Коллектив авторов - Литература. 8 класс. Часть 2

На нашем сайте KnigaRead.com Вы можете абсолютно бесплатно читать книгу онлайн Коллектив авторов, "Литература. 8 класс. Часть 2" бесплатно, без регистрации.
Перейти на страницу:

Автор постоянно находится в стихии народного творчества; оно окружает его героев, оно живет не только в песнях, но и в обилии народных пословиц и поговорок, которые насыщают роман.

Вопросы и задания

1. Какие произведения фольклора используются в романе «Князь Серебряный»?

2. Как объяснить особую роль песен на страницах романа?

3. Чем вызван «спор» автора с песней о спасении царевича?

4. Докажите богатство и целесообразность использования пословиц и поговорок в романе.

Лев Николаевич Толстой

(1828–1910)

После бала

На рубеже двух веков Лев Николаевич Толстой создает целый ряд произведений, разных по тематике, жанру и стилю.
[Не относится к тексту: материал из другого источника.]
(** Comparing [Psi] at [ub] and at [ub + t e_k]. *)
Lemma minimizer_coord_perturb k t :
  0 <= t * g k + t ^ 2 * (hinner (K (unitv k)) (K (unitv k)) / 2)
       + w k * (Rabs (ub k + t) - Rabs (ub k)).
Proof.
  destruct ub_min as [Hub [Hpen Hmin]].
  set (u := sadd ub (sscal t (unitv k))).
  assert (Hu : in_l2 u) by (apply in_l2_sadd, in_l2_sscal, in_l2_unitv; exact Hub).
  assert (Hpu : penalty_finite w u).
  { apply (ex_series_tail _ _ (S k) Hpen). intros j Hj.
    unfold u, sadd, sscal, unitv. destruct Nat.eq_dec; [lia|]. rewrite Rmult_0_r, Rplus_0_r. reflexivity. }
  specialize (Hmin u Hu Hpu). unfold Psi in Hmin.
  set (d := fun j => if Nat.eq_dec j k then w k * (Rabs (ub k + t) - Rabs (ub k)) else 0).
  assert (Hd : forall j, (S k <= j)%nat -> d j = 0)
    by (intros j Hj; unfold d; destruct Nat.eq_dec; [lia|reflexivity]).
  assert (Su : Series (fun j => w j * Rabs (u j))
               = Series (fun j => w j * Rabs (ub j)) + Series d).
  { rewrite <- Series_plus by (exact Hpen || exact (ex_series_fin d (S k) Hd)).
    apply Series_ext. intros j.
    unfold u, d, sadd, sscal, unitv.
    destruct Nat.eq_dec; [subst; rewrite Rmult_1_r | rewrite Rmult_0_r, Rplus_0_r]; ring. }
  assert (Sd : Series d = w k * (Rabs (ub k + t) - Rabs (ub k))).
  { rewrite (Series_fin _ (S k) Hd), (fsum_single _ _ k); unfold d; try lia;
      intros; destruct Nat.eq_dec; congruence. }
  rewrite Su, Sd, !hnorm_sq in Hmin.
  unfold u in Hmin. rewrite K_add, K_scal in Hmin; auto using in_l2_unitv, in_l2_sscal.
  unfold g, adj, hsub in *. rewrite !hopp_scal in *.
  rewrite !hinner_add_l, !hinner_add_r, !hinner_scal_l, !hinner_scal_r in *.
  rewrite (hinner_sym _ (K ub) (K (unitv k))), (hinner_sym _ f (K (unitv k))) in Hmin.
  nra.
Qed.
(* Let $A$ be a CFG-ring and let $n,m\ge 1$. (1) A subset $U\subseteq A^{n}$ is an algebraic variety if and only if $U$, equipped with the restriction of the metric $d$ of $A^n$, is a CFG-space over $B(A)$. (2) If $U\subseteq A^{n}$ and $V\subseteq A^{m}$ are algebraic varieties, a map $f:U\to V$ is a polynomial map if and only if it is contractive, i.e. $d(f(x),f(y))\le d(x,y)$ for all $x,y\in U$.
   Context: All rings are commutative with identity. A regular ring is a commutative von Neumann regular ring: every principal ideal is generated by an idempotent. For a regular ring $A$, $B(A)$ denotes the set of idempotents of $A$, which is a Boolean ring with the product of $A$ and the sum $a\tilde{+}b=(a-b)^2$; in it $a\vee b=a+b-ab$, $a\le b\iff ab=a$, $\bar a=1-a$. For $a\in A$, $e(a)$ denotes the unique idempotent with $aA=e(a)A$. For pairwise disjoint idempotents $a_1,\dots,a_k$ (i.e. $a_ia_j=0$ for $i\ne j$), $a_1\oplus\cdots\oplus a_k$ denotes their sum (which equals their join). $A^n$ carries the map $d:A^n\times A^n\to B(A)$, $d((x_1,\dots,x_n),(y_1,\dots,y_n))=e(x_1-y_1)\vee\cdots\vee e(x_n-y_n)$, which is a Boolean metric over $B(A)$. A Boolean metric space over a Boolean ring $B$ is a set $X$ with $d:X\times X\to B$ such that $d(x,y)=0\iff x=y$, $d(x,y)=d(y,x)$, and $d(x,z)\le d(x,y)\vee d(y,z)$. Given $x_1,\dots,x_k\in X$ and $a_1,\dots,a_k\in B$ with $a_1\oplus\cdots\oplus a_k=1$, an element $x\in X$ is a convex combination of the $x_i$ with coefficients $a_i$ if $a_i d(x,x_i)=0$ for all $i$ (such $x$ is unique if it exists). $X$ is convex if every such convex combination exists in $X$. A CFG-space is a metric space $X$ over $B$ which is convex and for which there is a finite subset $F\subseteq X$ such that every element of $X$ is a convex combination of elements of $F$. A CFG-ring is a regular ring $A$ such that $A$ with the metric $d(x,y)=e(x-y)$ is a CFG-space over $B(A)$ (e.g. every $p$-ring). An algebraic variety in $A^n$ is the set of common zeros of finitely many polynomials in $A[X_1,\dots,X_n]$. A map $f:U\to V$ between algebraic varieties $U\subseteq A^n$, $V\subseteq A^m$ is a polynomial map if there are $f_1,\dots,f_m\in A[X_1,\dots,X_n]$ with $f(x)=(f_1(x),\dots,f_m(x))$ for all $x\in U$. *)

From HB Require Import structures.
From mathcomp Require Import all_boot all_order all_algebra.
From Stdlib Require Import ClassicalEpsilon.
Set Implicit Arguments. Unset Strict Implicit. Unset Printing Implicit Defensive.
Import GRing.Theory.
Local Open Scope ring_scope.

Section Defs.
Variable A : comPzRingType.

(* idempotents, i.e. elements of B(A) *)
Definition idem (a : A) : Prop := a * a = a.

Definition same_ideal (x e : A) : Prop :=
  (exists y, x = e * y) /\ (exists z, e = x * z).

Definition regular_ring : Prop :=
  forall x : A, exists e, idem e /\ same_ideal x e.

(* e(x): the (unique, for regular A) idempotent with xA = e(x)A *)
Definition eid (x : A) : A :=
  epsilon (inhabits 0) (fun e => idem e /\ same_ideal x e).

Definition bjoin (a b : A) : A := a + b - a * b.
Definition ble (a b : A) : Prop := a * b = a.

Definition bpartition (k : nat) (a : 'I_k -> A) : Prop :=
  (forall i, idem (a i)) /\
  (forall i j, i != j -> a i * a j = 0) /\
  \sum_(i < k) a i = 1.

(* A Boolean metric space over B(A): carrier the subset S of T, metric d *)
Definition bmetric (T : Type) (S : T -> Prop) (d : T -> T -> A) : Prop :=
  (forall x y, S x -> S y -> idem (d x y)) /\
  (forall x y, S x -> S y -> (d x y = 0 <-> x = y)) /\
  (forall x y, S x -> S y -> d x y = d y x) /\
  (forall x y z, S x -> S y -> S z -> ble (d x z) (bjoin (d x y) (d y z))).

(* x is the convex combination of the xs i with coefficients a i *)
Definition conv_comb (T : Type) (d : T -> T -> A) (k : nat)
    (xs : 'I_k -> T) (a : 'I_k -> A) (x : T) : Prop :=
  forall i, a i * d x (xs i) = 0.

Definition convex (T : Type) (S : T -> Prop) (d : T -> T -> A) : Prop :=
  forall k (xs : 'I_k -> T) (a : 'I_k -> A),
    (forall i, S (xs i)) -> bpartition a ->
    exists x, S x /\ conv_comb d xs a x.

Definition CFG_space (T : Type) (S : T -> Prop) (d : T -> T -> A) : Prop :=
  bmetric S d /\ convex S d /\
  exists p (F : 'I_p -> T), (forall j, S (F j)) /\
    forall x, S x -> exists k (xs : 'I_k -> T) (a : 'I_k -> A),
      (forall i, exists j, xs i = F j) /\ bpartition a /\ conv_comb d xs a x.

Definition CFG_ring : Prop :=
  regular_ring /\ CFG_space (fun _ : A => True) (fun x y => eid (x - y)).

Definition vec (n : nat) := 'I_n -> A.
Definition dvec (n : nat) (x y : vec n) : A :=
  \big[bjoin/0]_(i < n) eid (x i - y i).

(* polynomials in A[X_1,...,X_n], as formal expressions *)
Inductive mpoly (n : nat) : Type :=
| PVar of 'I_n
| PConst of A
| PAdd of mpoly n & mpoly n
| PMul of mpoly n & mpoly n.

Fixpoint peval (n : nat) (p : mpoly n) (x : vec n) : A :=
  match p with
  | PVar i => x i
  | PConst c => c
  | PAdd p q => peval p x + peval q x
  | PMul p q => peval p x * peval q x
  end.

Definition algebraic_variety (n : nat) (U : vec n -> Prop) : Prop :=
  exists k (ps : 'I_k -> mpoly n),
    forall x, U x <-> (forall i, peval (ps i) x = 0).

Definition polynomial_map (n m : nat) (U : vec n -> Prop)
    (f : vec n -> vec m) : Prop :=
  exists fs : 'I_m -> mpoly n,
    forall x, U x -> forall j, f x j = peval (fs j) x.

Definition contractive (n m : nat) (U : vec n -> Prop)
    (f : vec n -> vec m) : Prop :=
  forall x y, U x -> U y -> ble (dvec (f x) (f y)) (dvec x y).

End Defs.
Они объединяются «вечными» нравственными проблемами гражданской ответственности, социальной справедливости, человеческого счастья, совести, добра. Веря в то, что «должно совершиться освобождение людей от тех страданий, которые они несли так долго», Толстой страстно выступает против угнетения человека, против деспотизма. Он писал: «Вся жизнь, не только русская, но и европейская, кишит злодеяниями насилия… совершаемыми одними лицами над другими. Спокойно смотреть на это нельзя и не должно. Нужно все силы жизни употребить на борьбу с этим злом…»

В творчестве Толстого начала века вновь пробуждается интерес к минувшему. Его занимает история декабристов, борьба поляков и кавказских горцев против самодержавной власти. Страстно обличая Николая I, названного за свою жестокость Палкиным, великий писатель решительно протестует и против режима Николая II.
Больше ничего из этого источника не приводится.